======== SUPPLIED DATA

(* Let $T$ be a plane labelled bipartite tree with $n$ white and $m$ black vertices, where $n+m$ is even. Then the value $i(T)\in\{0,1\}$ does not depend on which white vertex is chosen as the root vertex (nor on the root edge at it). Consequently the parity (even/odd) of $T$ is well defined.
   Context: A plane labelled bipartite tree with $n$ white and $m$ black vertices is defined as follows. It is a finite tree embedded in the oriented plane, considered up to orientation-preserving homeomorphism. Its vertices are colored white and black so that adjacent vertices have different colors. The white vertices carry the distinct labels $v_1,\dots,v_n$ and the black vertices the distinct labels $u_1,\dots,u_m$. String $c(T)$: choose a white vertex $v_i$ (the root vertex) and an edge $e$ incident to it (the root edge). Walk counterclockwise around $T$, i.e. perform the contour walk around the tree keeping the tree on the left, starting at $v_i$ and first traversing $e$, until returning to $v_i$ after all edges have been traversed twice. Whenever a vertex is met for the first time, write its label. Whenever a vertex is met for the last time, write a closing bracket '')''. For example, for the path $v_1-u_1-v_2-u_2$ rooted at $v_1$, $c(T)=v_1u_1v_2u_2))))$. The string contains $n+m$ labels and $n+m$ brackets. Invariant: let - $a$ be the number of pairs of white labels $v_k,v_l$ with $v_k$ occurring before $v_l$ in $c(T)$ and $k>l$; - $b$ be the analogous number of inversions among black labels $u_k$; - $c$ be the number of pairs (black label $u$, white label $v$) with $u$ occurring before $v$ in $c(T)$; - $d$ be the number of pairs (closing bracket, label) with the bracket occurring before the label in $c(T)$; - $e_0=|n-m|/2$. Then $i(T)\in\{0,1\}$ is defined by $i(T)\equiv a+b+c+\tfrac{d+e_0}{2}\pmod 2$. The tree is called even if $i(T)=0$ and odd if $i(T)=1$. *)

From mathcomp Require Import all_boot.
Set Implicit Arguments. Unset Strict Implicit. Unset Printing Implicit Defensive.

(* Vertices of a bipartite tree with n white vertices v_1..v_n (inl i)
   and m black vertices u_1..u_m (inr j); label indices are 0-based. *)
Definition vert (n m : nat) : finType := ('I_n + 'I_m)%type.

Definition is_white n m (x : vert n m) : bool := if x is inl _ then true else false.

(* A plane labelled bipartite tree is given by its rotation system:
   rot x = the neighbours of x listed in counterclockwise cyclic order
   (the list matters only up to cyclic rotation). *)
Definition is_plane_bip_tree n m (rot : vert n m -> seq (vert n m)) : Prop :=
  [/\ (forall x, uniq (rot x)),
      (forall x y, (y \in rot x) = (x \in rot y)),
      (forall x y, y \in rot x -> is_white x != is_white y),
      (forall x y, connect (fun a b => b \in rot a) x y)
    & \sum_(x : vert n m) size (rot x) = 2 * (n + m).-1 ].

(* Contour walk: a dart (x, w) is the edge x -> w traversed from x to w.
   Arriving at w from x with the tree on the left, the next edge is the
   counterclockwise successor of x in the rotation at w. *)
Definition cstep n m (rot : vert n m -> seq (vert n m)) (d : vert n m * vert n m) :=
  (d.2, next (rot d.2) d.1).

(* Sequence of vertices visited by the contour walk started at root r
   with root edge r -- u, until every edge has been traversed twice. *)
Definition contour n m (rot : vert n m -> seq (vert n m)) (r u : vert n m) : seq (vert n m) :=
  r :: map snd (traject (cstep rot) (r, u) (2 * (n + m).-1)).

Inductive tok (V : Type) := Lab of V | Cl.
Arguments Cl {V}.

(* The string c(T): at each step, write the label if the vertex is met
   for the first time, then ")" if it is met for the last time. *)
Definition cstring n m (rot : vert n m -> seq (vert n m)) (r u : vert n m) : seq (tok (vert n m)) :=
  let s := contour rot r u in
  flatten [seq (if index (nth r s k) s == k then [:: Lab (nth r s k)] else [::])
               ++ (if (size s).-1 - index (nth r s k) (rev s) == k then [:: Cl] else [::])
          | k <- iota 0 (size s)].

Definition npairs V (P : tok V -> tok V -> bool) (s : seq (tok V)) : nat :=
  \sum_(i < size s) \sum_(j < size s | i < j) P (nth Cl s i) (nth Cl s j).

Definition white_inv n m (x y : tok (vert n m)) : bool :=
  match x, y with Lab (inl k), Lab (inl l) => l < k | _, _ => false end.
Definition black_inv n m (x y : tok (vert n m)) : bool :=
  match x, y with Lab (inr k), Lab (inr l) => l < k | _, _ => false end.
Definition black_white n m (x y : tok (vert n m)) : bool :=
  match x, y with Lab (inr _), Lab (inl _) => true | _, _ => false end.
Definition cl_lab n m (x y : tok (vert n m)) : bool :=
  match x, y with Cl, Lab _ => true | _, _ => false end.

Definition iT n m (rot : vert n m -> seq (vert n m)) (r u : vert n m) : nat :=
  let s := cstring rot r u in
  let a := npairs (@white_inv n m) s in
  let b := npairs (@black_inv n m) s in
  let c := npairs (@black_white n m) s in
  let d := npairs (@cl_lab n m) s in
  let e0 := (if n <= m then m - n else n - m)./2 in
  (a + b + c + (d + e0)./2) %% 2.

From HB Require Import structures.
From mathcomp Require Import all_boot zify.
Set Implicit Arguments. Unset Strict Implicit. Unset Printing Implicit Defensive.

(* The contour walk is a single cycle through all 2(n+m-1) darts of the tree,
   and consecutive white roots on it are an even number of steps apart, so it
   suffices to compare the root dart (r, s) with the next dart (s, r').  The
   contour from (r, s) reads r, then a walk S around the branch of s ending
   in s, then a walk R around the rest of the tree starting in r; the contour
   from (s, r') reads S, R, s.  In the bracket string, this moves the label of
   r behind the labels of S, which changes a + b + c by |S| modulo 2, and
   moves the bracket closing s behind R, which changes d by 2|S| - (n + m).
   Hence i(T) changes by (n + m)/2 at each step, by 0 after an even number. *)

Section TokenEq.
Variable V : eqType.

Definition tok_eqb (a b : tok V) : bool :=
  match a, b with Lab x, Lab y => x == y | Cl, Cl => true | _, _ => false end.

Lemma tok_eqP : Equality.axiom tok_eqb.
Proof.
by case=> [x|] [y|] /=; try (by constructor); apply: (iffP eqP) => [->|[]].
Qed.

HB.instance Definition _ := hasDecEq.Build (tok V) tok_eqP.

End TokenEq.

Section Tokens.
Variable V : eqType.
Implicit Types (x : V) (s pre post : seq V).

Definition isLab (t : tok V) : bool := if t is Lab _ then true else false.
Definition isCl (t : tok V) : bool := if t is Cl then true else false.

(* The brackets written along a segment s of a walk that has visited the
   vertices of pre before s and visits those of post after it. *)
Fixpoint tokens pre s post : seq (tok V) :=
  if s is x :: s' then
    (if x \in pre then [::] else [:: Lab x]) ++
    (if x \in s' ++ post then [::] else [:: Cl]) ++ tokens (x :: pre) s' post
  else [::].

Lemma eq_tokens s pre pre' post post' :
  {in s, forall y, (y \in pre) = (y \in pre')} ->
  {in s, forall y, (y \in post) = (y \in post')} ->
  tokens pre s post = tokens pre' s post'.
Proof.
elim: s pre pre' => //= x s IH pre pre' Epre Epost.
rewrite Epre ?mem_head // !mem_cat Epost ?mem_head //; congr (_ ++ (_ ++ _)).
apply: IH => y ys; first by rewrite !in_cons Epre // in_cons ys orbT.
by rewrite Epost // in_cons ys orbT.
Qed.

Lemma tokens_cat s1 s2 pre post :
  tokens pre (s1 ++ s2) post =
  tokens pre s1 (s2 ++ post) ++ tokens (rev s1 ++ pre) s2 post.
Proof.
elim: s1 pre => //= x s1 IH pre.
by rewrite IH catA rev_cons cat_rcons !catA.
Qed.

Lemma mem_tokens_Lab y s pre post : Lab y \in tokens pre s post -> y \in s.
Proof.
elim: s pre => //= x s IH pre; rewrite !mem_cat in_cons.
case/or3P => [||/IH->]; last exact: orbT; case: ifP => //.
by rewrite mem_seq1 => _ /eqP[->]; rewrite eqxx.
Qed.

Lemma count_Cl_tokens s pre post :
  count isCl (tokens pre s post) = count [predC post] (undup s).
Proof.
elim: s pre => //= x s IH pre; rewrite !count_cat IH mem_cat.
by case: (x \in pre); case: (boolP (x \in s)) => xs /=; case: (x \in post).
Qed.

(* Read backwards, a walk opens where it used to close, and conversely. *)
Lemma count_Lab_tokens_rev s pre post :
  count isLab (tokens pre s post) = count isCl (tokens post (rev s) pre).
Proof.
elim: s pre => //= x s IH pre.
rewrite rev_cons -cats1 tokens_cat revK !count_cat IH /= !addn0.
by rewrite addnC; case: ifP; case: ifP.
Qed.

Lemma count_Cl_tokens0 s : count isCl (tokens [::] s [::]) = size (undup s).
Proof. by rewrite count_Cl_tokens count_predT. Qed.

Lemma count_Lab_tokens0 s : count isLab (tokens [::] s [::]) = size (undup s).
Proof.
rewrite count_Lab_tokens_rev count_Cl_tokens0.
by apply/perm_size/perm_undup => y; rewrite mem_rev.
Qed.

Lemma tokens_rcons_nil pre (A : seq V) (z : V) :
  tokens pre (rcons A z) [::] = tokens pre (rcons A z) [:: z] ++ [:: Cl].
Proof.
rewrite -cats1 !tokens_cat /= mem_seq1 eqxx !cats0 -!catA; congr (_ ++ _).
by apply: eq_tokens => // y _; rewrite !in_cons orbA orbb.
Qed.

Lemma tokens_cons_nil r B post :
  tokens [::] (r :: B) post = Lab r :: tokens [:: r] (r :: B) post.
Proof.
rewrite /= mem_seq1 eqxx; congr (_ :: _ ++ _).
by apply: eq_tokens => // y _; rewrite !in_cons orbA orbb.
Qed.

Section Reroot.
Variables (r s : V) (A B : seq V).
Hypothesis disjoint : {in rcons A s, forall y, y \notin r :: B}.

Let r_notin_A : r \notin rcons A s.
Proof. by apply/negP => /disjoint; rewrite mem_head. Qed.

Lemma tokens_reroot_before :
  tokens [::] (r :: rcons A s ++ r :: B) [::] =
  Lab r :: tokens [::] (rcons A s) [:: s] ++ Cl :: tokens [:: r] (r :: B) [::].
Proof.
rewrite -cat1s !tokens_cat !cats0.
have -> : tokens [::] [:: r] (rcons A s ++ r :: B) = [:: Lab r].
  by rewrite /= mem_cat mem_head orbT.
have -> : tokens (rev [:: r]) (rcons A s) (r :: B) = tokens [::] (rcons A s) [::].
  apply: eq_tokens => y yA; last by rewrite in_nil; apply/negbTE/disjoint.
  by rewrite mem_seq1 in_nil; apply: contraNF r_notin_A => /eqP<-.
rewrite tokens_rcons_nil -catA !cat1s; congr (_ :: _ ++ _ :: _).
apply: eq_tokens => // y yB; rewrite mem_cat !mem_rev !mem_seq1.
by case: (boolP (y \in rcons A s)) => // /disjoint; rewrite yB.
Qed.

================

PROBLEM =>
Write out exactly the lines above between the line with "Definition contour n" and the line with "match x, y with Lab (inr k), Lab", inclusive, and nothing beyond them.

ANSWER AREA =>
Definition contour n m (rot : vert n m -> seq (vert n m)) (r u : vert n m) : seq (vert n m) :=
  r :: map snd (traject (cstep rot) (r, u) (2 * (n + m).-1)).

Inductive tok (V : Type) := Lab of V | Cl.
Arguments Cl {V}.

(* The string c(T): at each step, write the label if the vertex is met
   for the first time, then ")" if it is met for the last time. *)
Definition cstring n m (rot : vert n m -> seq (vert n m)) (r u : vert n m) : seq (tok (vert n m)) :=
  let s := contour rot r u in
  flatten [seq (if index (nth r s k) s == k then [:: Lab (nth r s k)] else [::])
               ++ (if (size s).-1 - index (nth r s k) (rev s) == k then [:: Cl] else [::])
          | k <- iota 0 (size s)].

Definition npairs V (P : tok V -> tok V -> bool) (s : seq (tok V)) : nat :=
  \sum_(i < size s) \sum_(j < size s | i < j) P (nth Cl s i) (nth Cl s j).

Definition white_inv n m (x y : tok (vert n m)) : bool :=
  match x, y with Lab (inl k), Lab (inl l) => l < k | _, _ => false end.
Definition black_inv n m (x y : tok (vert n m)) : bool :=
  match x, y with Lab (inr k), Lab (inr l) => l < k | _, _ => false end.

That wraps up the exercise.